**TASK MATERIAL:**
(* Let $G$ be a finite group, $\omega$ a normalized 3-cocycle, $X,Y$ finite $G$-sets, and $(F,s^F),(H,s^H):\mathcal M(X,\Psi_X)\to\mathcal M(Y,\Psi_Y)$ $\mathrm{Vec}_G^\omega$-module functors with associated data $m^F,A^F$ and $m^H,A^H$. Then morphisms of module functors $\eta:(F,s^F)\Rightarrow(H,s^H)$ are in bijection (via $\eta\mapsto(M^\eta_{x,y})$ with $M^\eta_{x,y}=p_{Hxy}\circ\eta_x\circ j_{Fxy}$) with families of matrices $M_{x,y}\in\mathrm{Mat}(m^H_{xy}\times m^F_{xy},\mathbb F)$ ($x\in X,y\in Y$) satisfying $M_{x,y}A^F_{g,x,y}=A^H_{g,x,y}M_{g\cdot x,g\cdot y}$ for all $g\in G,x\in X,y\in Y$. Moreover, $\eta$ is an isomorphism if and only if every $M^\eta_{x,y}$ is square and invertible.
   Context: $\mathbb F$ is algebraically closed. $\mathrm{Vec}_G^\omega$: finite-dimensional $G$-graded vector spaces, simple objects $\delta^g$, $\delta^g\otimes\delta^h=\delta^{gh}$, associator $\omega(g,h,k)\mathrm{id}$. For a $G$-set $X$ and normalized $\Psi:G\times G\times X\to\mathbb F^\times$ with $\Psi(h,k,g^{-1}\cdot x)\Psi^{-1}(gh,k,x)\Psi(g,hk,x)\Psi^{-1}(g,h,x)=\omega^{-1}(g,h,k)$, $\mathcal M(X,\Psi)$ is the category of finite-dimensional $X$-graded vector spaces (simple objects $x\in X$), $\delta^g\triangleright x=g\cdot x$, module constraint $m_{\delta^g,\delta^h,x}=\Psi(g,h,(gh)\cdot x)\mathrm{id}$. A module functor is an $\mathbb F$-linear functor $F$ with natural isomorphism $s_{C,M}:F(C\triangleright M)\to C\triangleright F(M)$ satisfying the module pentagon axiom; a morphism of module functors is a natural transformation $\eta$ with $s^H_{C,M}\circ\eta_{C\triangleright M}=(\mathrm{id}_C\triangleright\eta_M)\circ s^F_{C,M}$. For a module functor $F$: $m^F_{xy}=\dim\mathrm{Hom}(F(x),y)$; inclusions $j^\alpha_{Fxy}:y\to F(x)$ and projections $p^\alpha_{Fxy}:F(x)\to y$ with $p^\alpha\circ j^\beta=\delta\delta\,\mathrm{id}$, $\sum j\circ p=\mathrm{id}$ are chosen, $j_{Fxy}=(j^1_{Fxy},\dots)$: $y^{\oplus m^F_{xy}}\to F(x)$, $p_{Fxy}=(p^1_{Fxy},\dots)^T$; $A^F_{g,x,y}$ is the matrix with $(\alpha,\beta)$ entry $(\mathrm{id}_{\delta^g}\triangleright p^\alpha_{Fxy})\circ s_{\delta^g,x}\circ j^\beta_{F,g\cdot x,g\cdot y}\in\mathbb F$. Morphisms $y^{\oplus a}\to y^{\oplus b}$ are identified with $b\times a$ matrices. *)

From HB Require Import structures.
From mathcomp Require Import all_boot all_order all_fingroup all_algebra.
Set Implicit Arguments. Unset Strict Implicit. Unset Printing Implicit Defensive.
Import GRing.Theory.
Local Open Scope ring_scope.

Record gset (G : finGroupType) := GSet {
  gcar :> finType;
  gsact : G -> gcar -> gcar;
  gact1 : forall x, gsact 1%g x = x;
  gactM : forall g h x, gsact (g * h)%g x = gsact g (gsact h x) }.
Arguments gsact {G} _ _ _.

Definition normalized_3cocycle (K : fieldType) (G : finGroupType)
    (omega : G -> G -> G -> K) : Prop :=
  (forall g h k, omega g h k != 0) /\
  (forall h k, omega 1%g h k = 1) /\ (forall g k, omega g 1%g k = 1) /\
  (forall g h, omega g h 1%g = 1) /\
  (forall g h k l, omega h k l * omega g (h * k)%g l * omega g h k
                   = omega (g * h)%g k l * omega g h (k * l)%g).

Definition module_Psi (K : fieldType) (G : finGroupType)
    (omega : G -> G -> G -> K) (X : gset G) (Psi : G -> G -> X -> K) : Prop :=
  (forall g h x, Psi g h x != 0) /\
  (forall h x, Psi 1%g h x = 1) /\ (forall g x, Psi g 1%g x = 1) /\
  (forall g h k x, Psi h k (gsact X g^-1%g x) * (Psi (g * h)%g k x)^-1
                   * Psi g (h * k)%g x * (Psi g h x)^-1 = (omega g h k)^-1).

Section Cat.
Variable K : fieldType.
Variable G : finGroupType.
Variable X : gset G.

(* The category M(X,Psi): objects are X-graded f.d. spaces, modelled by
   their graded dimensions V : X -> nat (component at z is K^(V z));
   a morphism V -> W is a family of matrices 'M_(W z, V z)
   (column-vector convention, as in the paper). *)
Definition obj := X -> nat.
Definition mhom (V W : obj) := forall z : X, 'M[K]_(W z, V z).
Definition idh (V : obj) : mhom V V := fun z => 1%:M.
Definition hcomp (U V W : obj) (f : mhom V W) (g : mhom U V) : mhom U W :=
  fun z => f z *m g z.
Definition heq (V W : obj) (f g : mhom V W) : Prop := forall z, f z = g z.
Definition hadd (V W : obj) (f g : mhom V W) : mhom V W := fun z => f z + g z.
Definition hscale (V W : obj) (c : K) (f : mhom V W) : mhom V W :=
  fun z => c *: f z.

**WORK TO BE COMPLETED:**
Produce a faithful copy of all the material above.

**ANSWER FOR THE TASK:**
(* Let $G$ be a finite group, $\omega$ a normalized 3-cocycle, $X,Y$ finite $G$-sets, and $(F,s^F),(H,s^H):\mathcal M(X,\Psi_X)\to\mathcal M(Y,\Psi_Y)$ $\mathrm{Vec}_G^\omega$-module functors with associated data $m^F,A^F$ and $m^H,A^H$. Then morphisms of module functors $\eta:(F,s^F)\Rightarrow(H,s^H)$ are in bijection (via $\eta\mapsto(M^\eta_{x,y})$ with $M^\eta_{x,y}=p_{Hxy}\circ\eta_x\circ j_{Fxy}$) with families of matrices $M_{x,y}\in\mathrm{Mat}(m^H_{xy}\times m^F_{xy},\mathbb F)$ ($x\in X,y\in Y$) satisfying $M_{x,y}A^F_{g,x,y}=A^H_{g,x,y}M_{g\cdot x,g\cdot y}$ for all $g\in G,x\in X,y\in Y$. Moreover, $\eta$ is an isomorphism if and only if every $M^\eta_{x,y}$ is square and invertible.
   Context: $\mathbb F$ is algebraically closed. $\mathrm{Vec}_G^\omega$: finite-dimensional $G$-graded vector spaces, simple objects $\delta^g$, $\delta^g\otimes\delta^h=\delta^{gh}$, associator $\omega(g,h,k)\mathrm{id}$. For a $G$-set $X$ and normalized $\Psi:G\times G\times X\to\mathbb F^\times$ with $\Psi(h,k,g^{-1}\cdot x)\Psi^{-1}(gh,k,x)\Psi(g,hk,x)\Psi^{-1}(g,h,x)=\omega^{-1}(g,h,k)$, $\mathcal M(X,\Psi)$ is the category of finite-dimensional $X$-graded vector spaces (simple objects $x\in X$), $\delta^g\triangleright x=g\cdot x$, module constraint $m_{\delta^g,\delta^h,x}=\Psi(g,h,(gh)\cdot x)\mathrm{id}$. A module functor is an $\mathbb F$-linear functor $F$ with natural isomorphism $s_{C,M}:F(C\triangleright M)\to C\triangleright F(M)$ satisfying the module pentagon axiom; a morphism of module functors is a natural transformation $\eta$ with $s^H_{C,M}\circ\eta_{C\triangleright M}=(\mathrm{id}_C\triangleright\eta_M)\circ s^F_{C,M}$. For a module functor $F$: $m^F_{xy}=\dim\mathrm{Hom}(F(x),y)$; inclusions $j^\alpha_{Fxy}:y\to F(x)$ and projections $p^\alpha_{Fxy}:F(x)\to y$ with $p^\alpha\circ j^\beta=\delta\delta\,\mathrm{id}$, $\sum j\circ p=\mathrm{id}$ are chosen, $j_{Fxy}=(j^1_{Fxy},\dots)$: $y^{\oplus m^F_{xy}}\to F(x)$, $p_{Fxy}=(p^1_{Fxy},\dots)^T$; $A^F_{g,x,y}$ is the matrix with $(\alpha,\beta)$ entry $(\mathrm{id}_{\delta^g}\triangleright p^\alpha_{Fxy})\circ s_{\delta^g,x}\circ j^\beta_{F,g\cdot x,g\cdot y}\in\mathbb F$. Morphisms $y^{\oplus a}\to y^{\oplus b}$ are identified with $b\times a$ matrices. *)

From HB Require Import structures.
From mathcomp Require Import all_boot all_order all_fingroup all_algebra.
Set Implicit Arguments. Unset Strict Implicit. Unset Printing Implicit Defensive.
Import GRing.Theory.
Local Open Scope ring_scope.

Record gset (G : finGroupType) := GSet {
  gcar :> finType;
  gsact : G -> gcar -> gcar;
  gact1 : forall x, gsact 1%g x = x;
  gactM : forall g h x, gsact (g * h)%g x = gsact g (gsact h x) }.
Arguments gsact {G} _ _ _.

Definition normalized_3cocycle (K : fieldType) (G : finGroupType)
    (omega : G -> G -> G -> K) : Prop :=
  (forall g h k, omega g h k != 0) /\
  (forall h k, omega 1%g h k = 1) /\ (forall g k, omega g 1%g k = 1) /\
  (forall g h, omega g h 1%g = 1) /\
  (forall g h k l, omega h k l * omega g (h * k)%g l * omega g h k
                   = omega (g * h)%g k l * omega g h (k * l)%g).

Definition module_Psi (K : fieldType) (G : finGroupType)
    (omega : G -> G -> G -> K) (X : gset G) (Psi : G -> G -> X -> K) : Prop :=
  (forall g h x, Psi g h x != 0) /\
  (forall h x, Psi 1%g h x = 1) /\ (forall g x, Psi g 1%g x = 1) /\
  (forall g h k x, Psi h k (gsact X g^-1%g x) * (Psi (g * h)%g k x)^-1
                   * Psi g (h * k)%g x * (Psi g h x)^-1 = (omega g h k)^-1).

Section Cat.
Variable K : fieldType.
Variable G : finGroupType.
Variable X : gset G.

(* The category M(X,Psi): objects are X-graded f.d. spaces, modelled by
   their graded dimensions V : X -> nat (component at z is K^(V z));
   a morphism V -> W is a family of matrices 'M_(W z, V z)
   (column-vector convention, as in the paper). *)
Definition obj := X -> nat.
Definition mhom (V W : obj) := forall z : X, 'M[K]_(W z, V z).
Definition idh (V : obj) : mhom V V := fun z => 1%:M.
Definition hcomp (U V W : obj) (f : mhom V W) (g : mhom U V) : mhom U W :=
  fun z => f z *m g z.
Definition heq (V W : obj) (f g : mhom V W) : Prop := forall z, f z = g z.
Definition hadd (V W : obj) (f g : mhom V W) : mhom V W := fun z => f z + g z.
Definition hscale (V W : obj) (c : K) (f : mhom V W) : mhom V W :=
  fun z => c *: f z.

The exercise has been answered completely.